Compute MD5 hash value using script component

Hi ,

I am looking to convert all the source column to md5 hash value,

I never worked on this scenario.below is my code , please suggest me where and what i need to change in code to get md5 value in derived column hashvalue of all incoming rows.

My script component code is :-

Imports System
Imports System.Data
Imports System.Math
Imports Microsoft.SqlServer.Dts.Pipeline.Wrapper
Imports Microsoft.SqlServer.Dts.Pipeline.ScriptComponentHost
Imports Microsoft.SqlServer.Dts.Runtime.Wrapper
Imports Microsoft.SqlServer.Dts.Runtime
Imports System.Data.SqlClient
Imports System.Data.SqlClient.SqlConnection
Imports Microsoft.SqlServer.Dts.Pipeline
Imports System.Text
Imports System.Security.Cryptography

<Microsoft.SqlServer.Dts.Pipeline.SSISScriptComponentEntryPointAttribute()> _
<CLSCompliant(False)> _
Public Class ScriptMain
    Inherits UserComponent
    Dim connMgr As IDTSConnectionManager100
    Dim sqlConn As SqlConnection
    Dim sqlCmd As SqlCommand
    Dim sqlParam As SqlParameter
    Private inputBuffer As PipelineBuffer
    Public Overrides Sub AcquireConnections(ByVal Transaction As Object)
        connMgr = Me.Connections.Connection
        sqlConn = CType(connMgr.AcquireConnection(Nothing), SqlConnection)
    End Sub

    Public Overrides Sub PreExecute()
        sqlCmd = New SqlCommand("SELECT * FROM TestEmpS ", sqlConn)
        'sqlParam = New SqlParameter("@filem", SqlDbType.VarChar)
        'sqlCmd.Parameters.Add(sqlParam)
    End Sub

    Public Overrides Sub CustomerRecordsInput_ProcessInputRow(ByVal Row As CustomerRecordsInputBuffer)

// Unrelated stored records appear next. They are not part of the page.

Lemma sum_indicator (g : nat -> int) (a : nat) : (a < n)%N ->
  \sum_(k < n) ((k == a :> nat) : nat)%:Z * g k = g a.
Proof.
move=> lt_an; rewrite (bigD1 (Ordinal lt_an)) //= eqxx mul1r big1 ?addr0 // => k.
by rewrite -val_eqE /= => /negbTE ->; rewrite mul0r.
Qed.

Lemma sum_alpha (i : 'I_n) (g : nat -> int) :
  \sum_(k < n) alpha i k * g k =
  if (i.+1 < n)%N then g i - g i.+1 else g (n - 2)%N + g (n - 1)%N.
Proof.
rewrite /alpha; case: ifP => lt_i1n.
  under eq_bigr do rewrite mulrBl.
  by rewrite sumrB !sum_indicator.
have eq2 k : (k.+2 == n)%N = (k == n - 2)%N by lia.
have eq1 k : (k.+1 == n)%N = (k == n - 1)%N by lia.
under eq_bigr do rewrite eq2 eq1 mulrDl.
by rewrite big_split /= !sum_indicator //; lia.
Qed.

Lemma cartan_diag (i : 'I_n) : cartan i i = 2.
Proof.
pose a (k : nat) : int :=
  if (i.+1 < n)%N then ((k == i :> nat) : nat)%:Z - ((k == i.+1 :> nat) : nat)%:Z
  else ((k.+2 == n)%N : nat)%:Z + ((k.+1 == n)%N : nat)%:Z.
have -> : cartan i i = \sum_(k < n) alpha i k * a k by [].
rewrite sum_alpha /a; case: (i.+1 < n)%N; lia.
Qed.

Lemma sgnE (v : spinor n) (k : 'I_n) : sgn v k = v k.
Proof. by rewrite /sgn valK. Qed.

Definition spin_sign (v : spinor n) (k : nat) : int := if sgn v k then 1 else -1.

(* Twice <alpha_i^vee, wt v>: the weights of B_S are half-integral. *)
Definition spin_pair (i : 'I_n) (v : spinor n) : int :=
  \sum_(k < n) alpha i k * spin_sign v k.

Lemma spin_sign_flip2 (u : spinor n) (m : nat) (k : 'I_n) :
  spin_sign (flip2 u m) k =
  if (k == m :> nat) || (k == m.+1 :> nat) then - spin_sign u k else spin_sign u k.
Proof.
rewrite /spin_sign !sgnE ffunE.
by case: ((k == m :> nat) || (k == m.+1 :> nat)); case: (u k).
Qed.

Lemma spin_f_pair (i : 'I_n) (u v : spinor n) :
  spin_f i u = Some v -> spin_pair i u = 2.
Proof.
rewrite /spin_f /spin_pair sum_alpha /spin_sign.
by case: (i.+1 < n)%N; do 2![case: sgn].
Qed.

Lemma spin_f_sign (i : 'I_n) (u v : spinor n) :
  spin_f i u = Some v -> forall k : 'I_n, spin_sign v k = spin_sign u k - 2 * alpha i k.
Proof.
rewrite /spin_f /alpha => + k; case lt_i1n: (i.+1 < n)%N.
  case: andP => // -[ui /negPf ui1] [<-]; rewrite spin_sign_flip2.
  case: (eqVneq (k : nat) i) => [->|ne_ki]; first by rewrite /spin_sign ui /=; lia.
  case: (eqVneq (k : nat) i.+1) => [->|ne_ki1]; first by rewrite /spin_sign ui1 /=; lia.
  by rewrite subrr mulr0 subr0.
case: ifP => // /andP[ui ui1] [<-]; rewrite spin_sign_flip2.
case: (eqVneq (k : nat) (n - 2)%N) => [->|ne_k2]; first by rewrite /spin_sign ui /=; lia.
case: (eqVneq (k : nat) (n - 1)%N) => [->|ne_k1].
  by rewrite (_ : (n - 1 == (n - 2).+1)%N) /spin_sign ?ui1 /=; lia.
have [-> -> ->] : [/\ (k == (n - 2).+1 :> nat) = false, (k.+2 == n)%N = false
  & (k.+1 == n)%N = false] by split; lia.
by rewrite /=; lia.
Qed.

Lemma spin_pair_f (i j : 'I_n) (u v : spinor n) :
  spin_f j u = Some v -> spin_pair i v = spin_pair i u - 2 * cartan i j.
Proof.
move=> /spin_f_sign sign_v; rewrite /spin_pair /cartan mulr_sumr -sumrB.
by apply: eq_bigr => k _; rewrite sign_v mulrBr mulrCA.
Qed.

Lemma spin_path_pairing_ge2 (i : 'I_n) (s : seq 'I_n) (v0 v : spinor n) (h : int) :
  opath (@spin_f n) s v0 = Some v -> 2 <= 2 * h + spin_pair i v ->
  pairing_ge2_before_f i (rev s) h.
Proof.
elim/last_ind: s v h => [|s j IHs] v h //.
rewrite opath_rcons rev_rcons; case path_u: opath => [u|] //= fj_u le2.
split; last by apply: IHs path_u _; rewrite (spin_pair_f i fj_u) in le2; lia.
move=> eq_ji; subst j; move: le2.
by rewrite (spin_pair_f i fj_u) (spin_f_pair fj_u) cartan_diag; lia.
Qed.

End SpinorCrystal.

Lemma hpair0 (n : nat) (i : 'I_n) : hpair i (0 : weight n) = 0.
Proof. by rewrite /hpair big1 // => j _; rewrite ffunE mulr0. Qed.

Lemma hpair_shiftw (n : nat) (i j : 'I_n) (w : weight n) (k : int) :
  hpair i (shiftw w j k) = hpair i w + cartan i j * k.
Proof.
rewrite /hpair /shiftw; under eq_bigr do rewrite ffunE mulrDr.
rewrite big_split /=; congr (_ + _).
by rewrite (bigD1 j) //= eqxx big1 ?addr0 // => l /negPf ->; rewrite mulr0.
Qed.

Section TensorBi.

Variables (n : nat) (B : crystal n) (i : 'I_n).
Hypotheses (B_crystal : is_crystal B)
  (eps_nat : forall (j : 'I_n) (b : B), exists e : nat, eps j b = Some e%:Z).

        Dim reader As SqlDataReader
        ' sqlCmd.Parameters("@KeyCustomer").Value = Row.CUNO
        reader = sqlCmd.ExecuteReader()
        If reader.Read() Then
            'do all field comparisons here to determine if
            '    the record changed since the last ETL.
            If (reader("Name").ToString() <> Row.Name) Then
                ' Row.DirectRowToUpdateRecordsOutput()
                Row.DirectRowToInsertRecordsOutput()
            ElseIf (reader("Name").ToString() = Row.Name) Then
                Row.DirectRowToIgnoreRecordsOutput()
            End If
        Else
            Row.DirectRowToInsertRecordsOutput()
        End If
        reader.Close()
        ' If sqlConn.State = ConnectionState.Open Then sqlConn.Close()

    End Sub
    Public Overrides Sub ReleaseConnections()
        connMgr.ReleaseConnection(sqlConn)
    End Sub
End Class

Thanks in advance.

Regards,

Vipin jha

February 8th, 2015 10:25am

Hi Vipin,

http://blogs.msdn.com/b/csharpfaq/archive/2006/10/09/how-do-i-calculate-a-md5-hash-from-a-string_3f00_.aspx explains how to calculate MD5 hash from input.

I suggest you make it a function in your script task.

PS: Do not do SELECT * in ETL ever

Free Windows Admin Tool Kit Click here and download it now
February 8th, 2015 5:41pm

Hi Arthur,

Actually I never worked on this scenario where I have to use s single Data flow task for loading 100 of different table from source to destination and every table have different number of column.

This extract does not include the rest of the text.